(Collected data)
(* Let $\mathcal{R}$ be a cell space, let $A,A'\subseteq M$ and let $\mathfrak{g},\mathfrak{g}'\in G/G_0$. Then for every $m\in(\cdot\triangleleft\mathfrak{g})^{-1}(A)\setminus(\cdot\triangleleft\mathfrak{g}')^{-1}(A')$ we have $m\triangleleft\mathfrak{g}\in\bigcup_{g\in\mathfrak{g}}\big(A\setminus(\cdot\triangleleft g^{-1}\cdot\mathfrak{g}')^{-1}(A')\big)$ and $m\triangleleft\mathfrak{g}'\in\bigcup_{g'\in\mathfrak{g}'}\big((\cdot\triangleleft(g')^{-1}\cdot\mathfrak{g})^{-1}(A)\setminus A'\big)$.
   Context: A cell space $\mathcal{R}$ consists of a group $G$ acting transitively on the left on a nonempty set $M$ via $\triangleright$, a point $m_0\in M$ and a family $(g_{m_0,m})_{m\in M}$ in $G$ with $g_{m_0,m}\triangleright m_0=m$. $G_0$ is the stabiliser of $m_0$, $G/G_0$ the set of left cosets (elements are subsets of $G$), with $G$ acting by $g\cdot hG_0=ghG_0$. The right semi-action $\triangleleft\colon M\times G/G_0\to M$ is $m\triangleleft gG_0=g_{m_0,m}g\triangleright m_0$, and $(\cdot\triangleleft\mathfrak{h})^{-1}(B)=\{m\in M: m\triangleleft\mathfrak{h}\in B\}$. *)

From HB Require Import structures.
From mathcomp Require Import all_boot.
From mathcomp Require Import boolp classical_sets.
Set Implicit Arguments.
Unset Strict Implicit.
Unset Printing Implicit Defensive.
Local Open Scope group_scope.
Local Open Scope classical_set_scope.

(* A cell space: a group G acting transitively on the left on a nonempty set M,
   a base point m0 and a family (g_{m0,m})_m with g_{m0,m} |> m0 = m. *)
Record cell_space (G : groupType) (M : Type) := CellSpace {
  act : G -> M -> M;
  act1 : forall m, act 1 m = m;
  actM : forall g h m, act (g * h) m = act g (act h m);
  act_trans : forall m m', exists g, act g m = m';
  m0 : M;
  gfam : M -> G;
  gfamP : forall m, act (gfam m) m0 = m
}.

Section CellSpaceDefs.
Variables (G : groupType) (M : Type) (R : cell_space G M).

Definition stab : set G := [set g | act R g (m0 R) = m0 R].

Definition lcoset (h : G) : set G := [set h * k | k in stab].

(* elements of G/G_0 : subsets of G that are left cosets of G_0 *)
Definition is_lcoset (S : set G) : Prop := exists h, S = lcoset h.

Definition lmulS (g : G) (S : set G) : set G := [set g * s | s in S].

(* right semi-action m <| gG_0 = g_{m0,m} g |> m0, with g a (chosen)
   representative of the coset; well defined for cosets. *)
Definition semiact (m : M) (S : set G) : M :=
  act R (gfam R m * xget 1 S) (m0 R).

Definition semipre (S : set G) (B : set M) : set M :=
  [set m | B (semiact m S)].

End CellSpaceDefs.

(* The representatives [gfam (m <| S)] and [gfam m * x] (x in S) both send m0
   to [m <| S], so they differ by a stabiliser element s and [g := x * s] lies
   in S.  For t in T, [g^-1 t] represents [g^-1 . T] and
   [gfam (m <| S) * (g^-1 t) = gfam m * t], hence
   [(m <| S) <| g^-1 . T = m <| T].  Applied to (gg, gg') and to (gg', gg)
   this places [m <| gg] and [m <| gg'] in the required unions. *)

From HB Require Import structures.
From mathcomp Require Import all_boot.
From mathcomp Require Import boolp classical_sets.
Local Open Scope group_scope.
Local Open Scope classical_set_scope.
Set Implicit Arguments.
Unset Strict Implicit.

Section CellSpaceFacts.
Variables (G : groupType) (M : Type) (R : cell_space G M).

Lemma actVK (g : G) (m : M) : act R g^-1 (act R g m) = m.
Proof. by rewrite -actM mulVg act1. Qed.

Lemma stab1 : stab R 1.
Proof. exact: act1. Qed.

Lemma stabV (k : G) : stab R k -> stab R k^-1.
Proof. by rewrite /stab /= => Hk; rewrite -{1}Hk actVK. Qed.

Lemma stabM (k l : G) : stab R k -> stab R l -> stab R (k * l).
Proof. by rewrite /stab /= => Hk Hl; rewrite actM Hl Hk. Qed.

Lemma lcoset_xget (S : set G) : is_lcoset R S -> S (xget 1 S).
Proof.
by move=> [h ->]; apply: xgetPex; exists h, 1; rewrite ?mulg1 //; exact: stab1.
Qed.

Lemma lcoset_stab_divl (S : set G) (x y : G) :
  is_lcoset R S -> S x -> S y -> stab R (x^-1 * y).
Proof.
move=> [h ->] [k Hk <-] [l Hl <-].
by rewrite invgM -mulgA mulKg; apply: stabM => //; apply: stabV.
Qed.

Lemma lcosetMstab (S : set G) (x s : G) :
  is_lcoset R S -> S x -> stab R s -> S (x * s).
Proof.
by move=> [h ->] [k Hk <-] Hs; exists (k * s); [apply: stabM | rewrite mulgA].
Qed.

Lemma lmulS_lcoset (g : G) (S : set G) :
  is_lcoset R S -> is_lcoset R (lmulS g S).
Proof.
move=> [h ->]; exists (g * h).
rewrite /lmulS /lcoset image_comp; apply: eq_imagel => k _ /=.
by rewrite mulgA.
Qed.

Lemma semiactE (m : M) (S : set G) (y : G) :
  is_lcoset R S -> S y -> semiact R m S = act R (gfam R m * y) (m0 R).
Proof.
move=> HS Sy; rewrite /semiact.
have Sx := lcoset_xget HS; set x := xget 1 S in Sx *.
have -> : gfam R m * y = gfam R m * x * (x^-1 * y) by rewrite -mulgA mulVKg.
by rewrite [RHS]actM (lcoset_stab_divl HS Sx Sy).
Qed.

Lemma semiact_lmulV (m : M) (S T : set G) :
  is_lcoset R S -> is_lcoset R T ->
  exists2 g, S g & semiact R (semiact R m S) (lmulS g^-1 T) = semiact R m T.
Proof.
move=> HS HT.
have Sx := lcoset_xget HS; set x := xget 1 S in Sx *.
set p := semiact R m S.
set s := (gfam R m * x)^-1 * gfam R p.
have stab_s : stab R s by rewrite /stab /= actM gfamP actVK.
have gfam_p : gfam R m * (x * s) = gfam R p by rewrite mulgA mulVKg.
exists (x * s); first exact: lcosetMstab.
have Tt := lcoset_xget HT; set t := xget 1 T in Tt *.
have Tg : lmulS (x * s)^-1 T ((x * s)^-1 * t) by exists t.
rewrite (semiactE _ (lmulS_lcoset _ HT) Tg) -gfam_p.
by rewrite -mulgA mulVKg (semiactE _ HT Tt).
Qed.

End CellSpaceFacts.

Theorem lemma5 (G : groupType) (M : Type) (R : cell_space G M)
  (A A' : set M) (gg gg' : set G) :
  is_lcoset R gg -> is_lcoset R gg' ->
  forall m : M, (semipre R gg A `\` semipre R gg' A') m ->
    (\bigcup_(g in gg) (A `\` semipre R (lmulS g^-1 gg') A')) (semiact R m gg)
    /\
    (\bigcup_(g' in gg') (semipre R (lmulS g'^-1 gg) A `\` A')) (semiact R m gg').
Proof.
move=> Hgg Hgg' m [Am A'm]; split.
- have [g gg_g E] := semiact_lmulV m Hgg Hgg'.
  by exists g => //; split; rewrite // /semipre /= E.
- have [g' gg'_g' E] := semiact_lmulV m Hgg' Hgg.
  by exists g' => //; split; rewrite // /semipre /= E.
Qed.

What to produce: The entries above are to be restated word for word.

Exercise solution:
(* Let $\mathcal{R}$ be a cell space, let $A,A'\subseteq M$ and let $\mathfrak{g},\mathfrak{g}'\in G/G_0$. Then for every $m\in(\cdot\triangleleft\mathfrak{g})^{-1}(A)\setminus(\cdot\triangleleft\mathfrak{g}')^{-1}(A')$ we have $m\triangleleft\mathfrak{g}\in\bigcup_{g\in\mathfrak{g}}\big(A\setminus(\cdot\triangleleft g^{-1}\cdot\mathfrak{g}')^{-1}(A')\big)$ and $m\triangleleft\mathfrak{g}'\in\bigcup_{g'\in\mathfrak{g}'}\big((\cdot\triangleleft(g')^{-1}\cdot\mathfrak{g})^{-1}(A)\setminus A'\big)$.
   Context: A cell space $\mathcal{R}$ consists of a group $G$ acting transitively on the left on a nonempty set $M$ via $\triangleright$, a point $m_0\in M$ and a family $(g_{m_0,m})_{m\in M}$ in $G$ with $g_{m_0,m}\triangleright m_0=m$. $G_0$ is the stabiliser of $m_0$, $G/G_0$ the set of left cosets (elements are subsets of $G$), with $G$ acting by $g\cdot hG_0=ghG_0$. The right semi-action $\triangleleft\colon M\times G/G_0\to M$ is $m\triangleleft gG_0=g_{m_0,m}g\triangleright m_0$, and $(\cdot\triangleleft\mathfrak{h})^{-1}(B)=\{m\in M: m\triangleleft\mathfrak{h}\in B\}$. *)

From HB Require Import structures.
From mathcomp Require Import all_boot.
From mathcomp Require Import boolp classical_sets.
Set Implicit Arguments.
Unset Strict Implicit.
Unset Printing Implicit Defensive.
Local Open Scope group_scope.
Local Open Scope classical_set_scope.

(* A cell space: a group G acting transitively on the left on a nonempty set M,
   a base point m0 and a family (g_{m0,m})_m with g_{m0,m} |> m0 = m. *)
Record cell_space (G : groupType) (M : Type) := CellSpace {
  act : G -> M -> M;
  act1 : forall m, act 1 m = m;
  actM : forall g h m, act (g * h) m = act g (act h m);
  act_trans : forall m m', exists g, act g m = m';
  m0 : M;
  gfam : M -> G;
  gfamP : forall m, act (gfam m) m0 = m
}.

Section CellSpaceDefs.
Variables (G : groupType) (M : Type) (R : cell_space G M).

Definition stab : set G := [set g | act R g (m0 R) = m0 R].

Definition lcoset (h : G) : set G := [set h * k | k in stab].

(* elements of G/G_0 : subsets of G that are left cosets of G_0 *)
Definition is_lcoset (S : set G) : Prop := exists h, S = lcoset h.

Definition lmulS (g : G) (S : set G) : set G := [set g * s | s in S].

(* right semi-action m <| gG_0 = g_{m0,m} g |> m0, with g a (chosen)
   representative of the coset; well defined for cosets. *)
Definition semiact (m : M) (S : set G) : M :=
  act R (gfam R m * xget 1 S) (m0 R).

Definition semipre (S : set G) (B : set M) : set M :=
  [set m | B (semiact m S)].

End CellSpaceDefs.

(* The representatives [gfam (m <| S)] and [gfam m * x] (x in S) both send m0
   to [m <| S], so they differ by a stabiliser element s and [g := x * s] lies
   in S.  For t in T, [g^-1 t] represents [g^-1 . T] and
   [gfam (m <| S) * (g^-1 t) = gfam m * t], hence
   [(m <| S) <| g^-1 . T = m <| T].  Applied to (gg, gg') and to (gg', gg)
   this places [m <| gg] and [m <| gg'] in the required unions. *)

From HB Require Import structures.
From mathcomp Require Import all_boot.
From mathcomp Require Import boolp classical_sets.
Local Open Scope group_scope.
Local Open Scope classical_set_scope.
Set Implicit Arguments.
Unset Strict Implicit.

Section CellSpaceFacts.
Variables (G : groupType) (M : Type) (R : cell_space G M).

Lemma actVK (g : G) (m : M) : act R g^-1 (act R g m) = m.
Proof. by rewrite -actM mulVg act1. Qed.

Lemma stab1 : stab R 1.
Proof. exact: act1. Qed.

Lemma stabV (k : G) : stab R k -> stab R k^-1.
Proof. by rewrite /stab /= => Hk; rewrite -{1}Hk actVK. Qed.

Lemma stabM (k l : G) : stab R k -> stab R l -> stab R (k * l).
Proof. by rewrite /stab /= => Hk Hl; rewrite actM Hl Hk. Qed.

Lemma lcoset_xget (S : set G) : is_lcoset R S -> S (xget 1 S).
Proof.
by move=> [h ->]; apply: xgetPex; exists h, 1; rewrite ?mulg1 //; exact: stab1.
Qed.

Lemma lcoset_stab_divl (S : set G) (x y : G) :
  is_lcoset R S -> S x -> S y -> stab R (x^-1 * y).
Proof.
move=> [h ->] [k Hk <-] [l Hl <-].
by rewrite invgM -mulgA mulKg; apply: stabM => //; apply: stabV.
Qed.

Lemma lcosetMstab (S : set G) (x s : G) :
  is_lcoset R S -> S x -> stab R s -> S (x * s).
Proof.
by move=> [h ->] [k Hk <-] Hs; exists (k * s); [apply: stabM | rewrite mulgA].
Qed.

Lemma lmulS_lcoset (g : G) (S : set G) :
  is_lcoset R S -> is_lcoset R (lmulS g S).
Proof.
move=> [h ->]; exists (g * h).
rewrite /lmulS /lcoset image_comp; apply: eq_imagel => k _ /=.
by rewrite mulgA.
Qed.

Lemma semiactE (m : M) (S : set G) (y : G) :
  is_lcoset R S -> S y -> semiact R m S = act R (gfam R m * y) (m0 R).
Proof.
move=> HS Sy; rewrite /semiact.
have Sx := lcoset_xget HS; set x := xget 1 S in Sx *.
have -> : gfam R m * y = gfam R m * x * (x^-1 * y) by rewrite -mulgA mulVKg.
by rewrite [RHS]actM (lcoset_stab_divl HS Sx Sy).
Qed.

Lemma semiact_lmulV (m : M) (S T : set G) :
  is_lcoset R S -> is_lcoset R T ->
  exists2 g, S g & semiact R (semiact R m S) (lmulS g^-1 T) = semiact R m T.
Proof.
move=> HS HT.
have Sx := lcoset_xget HS; set x := xget 1 S in Sx *.
set p := semiact R m S.
set s := (gfam R m * x)^-1 * gfam R p.
have stab_s : stab R s by rewrite /stab /= actM gfamP actVK.
have gfam_p : gfam R m * (x * s) = gfam R p by rewrite mulgA mulVKg.
exists (x * s); first exact: lcosetMstab.
have Tt := lcoset_xget HT; set t := xget 1 T in Tt *.
have Tg : lmulS (x * s)^-1 T ((x * s)^-1 * t) by exists t.
rewrite (semiactE _ (lmulS_lcoset _ HT) Tg) -gfam_p.
by rewrite -mulgA mulVKg (semiactE _ HT Tt).
Qed.

End CellSpaceFacts.

Theorem lemma5 (G : groupType) (M : Type) (R : cell_space G M)
  (A A' : set M) (gg gg' : set G) :
  is_lcoset R gg -> is_lcoset R gg' ->
  forall m : M, (semipre R gg A `\` semipre R gg' A') m ->
    (\bigcup_(g in gg) (A `\` semipre R (lmulS g^-1 gg') A')) (semiact R m gg)
    /\
    (\bigcup_(g' in gg') (semipre R (lmulS g'^-1 gg) A `\` A')) (semiact R m gg').
Proof.
move=> Hgg Hgg' m [Am A'm]; split.
- have [g gg_g E] := semiact_lmulV m Hgg Hgg'.
  by exists g => //; split; rewrite // /semipre /= E.
- have [g' gg'_g' E] := semiact_lmulV m Hgg' Hgg.
  by exists g' => //; split; rewrite // /semipre /= E.
Qed.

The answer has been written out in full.